From: Alastair Malcolm <amalcolm.domain.name.hidden>
Date: Sat, 16 Oct 1999 09:03:17 +0100

I would be interested to know if anyone can find any problems with the following new solution to the much discussed flying rabbit problem (discussed below as the dragon universe problem). Here the measure is initially based on the symbols comprising the formal systems which include the mathematical structures specifying universes (as in Tegmark's paper).

The starting point is all possible symbol strings containing all possible symbols. Now, bearing in mind that any symbol can have any interpretation, we can start to select those strings which contain symbols that can be interpreted in their entirety as well-formed formulae (wff's). Of these we can select those which comprise mutually consistent axioms (both directly, and after taking into account derived theorems via standard rules of inference), connected by an 'AND' (that is, a string of the form 'Axiom1 AND Axiom2 AND ...'). We can also strike out any cases of duplicate axioms.

We now have a list of symbol strings that are interpretable as axiom sets of all possible consistent theories (theorem sets). Since all axioms are representable by an (anthropically unbiassed) subset of all possible combinations of symbols, then we should not lose generality by scaling up our measure from symbols to axioms. Now, since the axioms for a TOE completely specify our universe (and perhaps others), it is clear we cannot just add extra axioms to specify a dragon event, because that would lead to an inconsistency (theorems derivable from the TOE would specify a non-dragon event at that time and place). However it is possible to have a set of axioms that would specify the path of our visible universe, but with a visible dragon event - a dragon universe theory; this would have to be represented by a much longer axiom string than the TOE set.

Now, as an extreme approximation (all that is necessary here), we can say that our TOE requires n axioms, the dragon universe 2n axioms.
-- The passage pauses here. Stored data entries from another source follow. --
Definition wt_u (c : cint) : nat :=
  match c.2 with Ca | Cab => 1 | Ca2 => 2 | _ => 0 end.
Definition wt_v (c : cint) : nat :=
  match c.2 with Cb | Cab => 1 | Cb2 => 2 | _ => 0 end.
Definition pweight_u (p : seq cint) : nat := sumn (map wt_u p).
Definition pweight_v (p : seq cint) : nat := sumn (map wt_v p).

(** The largest (= first) part is <= kx in the coloured order; empty partition allowed. *)
Definition first_le (p : seq cint) (kx : cint) : bool :=
  if p is l :: _ then cle l kx else true.

(** Finite candidate list: every sequence of length <= n whose entries are
    coloured-integer pairs (j, x) with 1 <= j <= n.  Every partition of size n
    occurs exactly once here. *)
Definition alphabet (n : nat) : seq cint :=
  [seq (j, x) | j <- iota 1 n, x <- colours].

Fixpoint words (A : seq cint) (m : nat) : seq (seq cint) :=
  if m is m'.+1 then [seq x :: w | x <- A, w <- words A m'] else [:: [::]].

Definition cands (n : nat) : seq (seq cint) :=
  flatten [seq words (alphabet n) m | m <- iota 0 n.+1].

(** Formal power series in a, b, q with nat coefficients:
    F u v n = coefficient of a^u b^v q^n. *)
Definition fps := nat -> nat -> nat -> nat.

Definition fps_add (F G : fps) : fps := fun u v n => F u v n + G u v n.

(** Multiplication by the monomial a^i b^j q^l. *)
Definition fps_mon (i j l : nat) (F : fps) : fps :=
  fun u v n => if [&& i <= u, j <= v & l <= n] then F (u - i) (v - j) (n - l) else 0.

Definition Gser (kx : cint) : fps :=
  fun u v n =>
    count (fun p => [&& admissible p, psize p == n, pweight_u p == u,
                        pweight_v p == v & first_le p kx]) (cands n).

(* If K1 is the immediate successor of K0 in the coloured order, then G_{K1} - G_{K0}
   counts the admissible partitions whose largest part is exactly K1.  Deleting that
   part is a bijection onto the admissible partitions whose largest part m satisfies
   K1 - m >= A(K1, m), and it divides the weight by a^u(K1) b^v(K1) q^K1.  Reading off
   the difference table, this condition on m amounts to m <= K' for an explicit K',
   except when K1 is (2k+2)_ab, (2k+2)_a or (2k+3)_a2: there m may moreover be (2k)_b,
   which lies above (2k)_a, and deleting (2k)_b in turn leaves the partitions with
   largest part at most (2k-1)_a. *)

From mathcomp Require Import all_boot zify.
From Stdlib Require Import FunctionalExtensionality.
From HB Require Import structures.

Set Implicit Arguments.
Unset Strict Implicit.
Unset Printing Implicit Defensive.

Definition colour_eqb (x y : colour) : bool :=
  match x, y with
  | Ca, Ca | Cb, Cb | Cab, Cab | Ca2, Ca2 | Cb2, Cb2 => true
  | _, _ => false
  end.

Lemma colour_eqP : Equality.axiom colour_eqb.
Proof. by case; case; constructor. Qed.

HB.instance Definition _ := hasDecEq.Build colour colour_eqP.

Lemma count_uniq_mem (T : eqType) (P : pred T) (s1 s2 : seq T) :
  uniq s1 -> uniq s2 -> {in P, s1 =i s2} -> count P s1 = count P s2.
Proof.
move=> u1 u2 eq12; rewrite -!size_filter; apply: perm_size.
apply: uniq_perm; rewrite ?filter_uniq // => x; rewrite !mem_filter.
by case Px: (P x) => //=; apply: eq12.
Qed.

Lemma fps_ext (F G : fps) : (forall u v n, F u v n = G u v n) -> F = G.
Proof.
move=> FG; do 3 (apply: functional_extensionality => ?); exact: FG.
Qed.

Lemma fps_mon_add i j l F G :
  fps_mon i j l (fps_add F G) = fps_add (fps_mon i j l F) (fps_mon i j l G).
Proof. by apply: fps_ext => u v n; rewrite /fps_mon /fps_add; case: ifP. Qed.

Lemma fps_mon_mon i j l i' j' l' F :
  fps_mon i j l (fps_mon i' j' l' F) = fps_mon (i + i') (j + j') (l + l') F.
Proof.
apply: fps_ext => u v n; rewrite /fps_mon !subnDA.
case: (leqP i u) => hu; case: (leqP j v) => hv; case: (leqP l n) => hn /=;
  first by rewrite !leq_subRL.
all: by case: ifP => // /and3P [? ? ?]; lia.
Qed.

Lemma words_uniq (A : seq cint) m : uniq A -> uniq (words A m).
Proof.
move=> uA; elim: m => [|m IH] //=.
by apply: allpairs_uniq => // [[x w]] [y w'] _ _ /= [-> ->].
Qed.

Lemma size_words (A : seq cint) m w : w \in words A m -> size w = m.
Proof.
elim: m w => [|m IH] w /=; first by rewrite inE => /eqP ->.
by case/allpairsP => [[x w']] [_ /= /IH <- ->].
Qed.

Lemma mem_words (A : seq cint) w : all (mem A) w -> w \in words A (size w).
Proof.
elim: w => [|x w IH] //= /andP [xA wA].
by apply: (allpairs_f (fun x w => x :: w)) => //; apply: IH.
Qed.

Lemma alphabet_uniq n : uniq (alphabet n).
Proof.
apply: allpairs_uniq; rewrite ?iota_uniq //.
by move=> [j x] [j' x'] _ _ /= [-> ->].
Qed.

Lemma cands_uniq n : uniq (cands n).
Proof.
rewrite /cands; elim: (iota 0 n.+1) (iota_uniq 0 n.+1) => [|m s IH] //= /andP [ms us].
rewrite cat_uniq words_uniq ?alphabet_uniq ?IH //= andbT.
apply/hasPn => w /flatten_mapP [m' m's] /size_words wm.
by apply: contra ms => /size_words; rewrite wm => <-.
Qed.
Lemma replf_cons f v a l :
  replf f (v, a :: l) = \sum_(g : BT) f (a, g) *: bv (v, (val g).2 ++ l)
                        + lmul (replf f (t a, l)) (bv (v, [:: a])).
Proof.
rewrite /replf; under eq_bigr => q _ do rewrite repl_cons scalerDr.
rewrite big_split lmul_suml; congr (_ + _); last first.
  by apply: eq_bigr => q _; rewrite lmulZl.
rewrite -(sum_pair_fst a (fun q => f q *: bv (v, (val q.2).2 ++ l))) [RHS]big_mkcond.
by apply: eq_bigr => q _; rewrite eq_sym; case: ifP; rewrite ?scaler0.
Qed.

Lemma lmul_arrow_image f a l : inQB f ->
  lmul (bv (t a, l)) (arrow_image f a)
  = \sum_(g : BT) f (a, g) *: bv (s a, (val g).2 ++ l).
Proof.
move=> Qf; rewrite arrow_imageE // lmul_sumr; apply: eq_bigr => g _.
rewrite lmulZr lmul_bvec; have [|npar] := boolP (parallel t (arr a) (val g)).
  by rewrite parallel_arrow => /andP[/eqP-> /eqP->]; rewrite eqxx.
by rewrite Qf // !scale0r.
Qed.

Lemma leibniz_replf f v l :
  inQB f -> valid (v, l) -> leibniz (arrow_image f) v l = replf f (v, l).
Proof.
move=> Qf; elim: l v => [|a l IH] v /=.
  by move=> _; rewrite /replf big1 // => q _; rewrite /Defs.repl big_ord0 scaler0.
rewrite valid_cons => /andP[/eqP <- vl].
by rewrite replf_cons IH // lmul_arrow_image // addrC.
Qed.

Lemma psi1_coef f z b : psi1 f (z, b) = replf f (val z) b.
Proof.
rewrite /psi1 /replf !sum_ffunE; apply: eq_bigr => q _.
rewrite [in LHS]ffunE [in LHS]sum_ffunE (bigD1 z) //= [X in _ + X]big1 ?addr0.
  by rewrite !ffunE /= eqxx.
by move=> p nzp; rewrite ffunE /= eq_sym (negbTE nzp).
Qed.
In comparing all possible theories containing a finite number of axioms, then it is reasonable to suppose that occurences of TOE's will vastly outnumber dragon universe theories, once functionless axioms are taken into consideration: consider all strings up to m axioms in length, for large finite m; there will be n more surplus axioms for the TOE than for the dragon universe theory (m-n as opposed to m-2n), and so bearing in mind that each axiom can contain an infinite variety and number of different symbols, and that each axiom (functionless or not, participating in the specification of another universe or not), contributes to the measure, then there will be far more combinations of m axioms that include our TOE than is the case for dragon universe theories, with the result that we are far more likely to be in a simpler (TOE-based) universe - dragon universes are not more probable.

(Two further points here: firstly, the outnumbering of dragon universes is maintained as m increases to infinity - simply take a finite random sample; secondly, if one wishes to take into consideration all possible paranormal events, one also needs to take into consideration the much larger number of equal-axiom-number theories that specify our universe, but with invisible paranormal events, events in other universes and so on - these will vastly outnumber visible-paranormal-event theories.)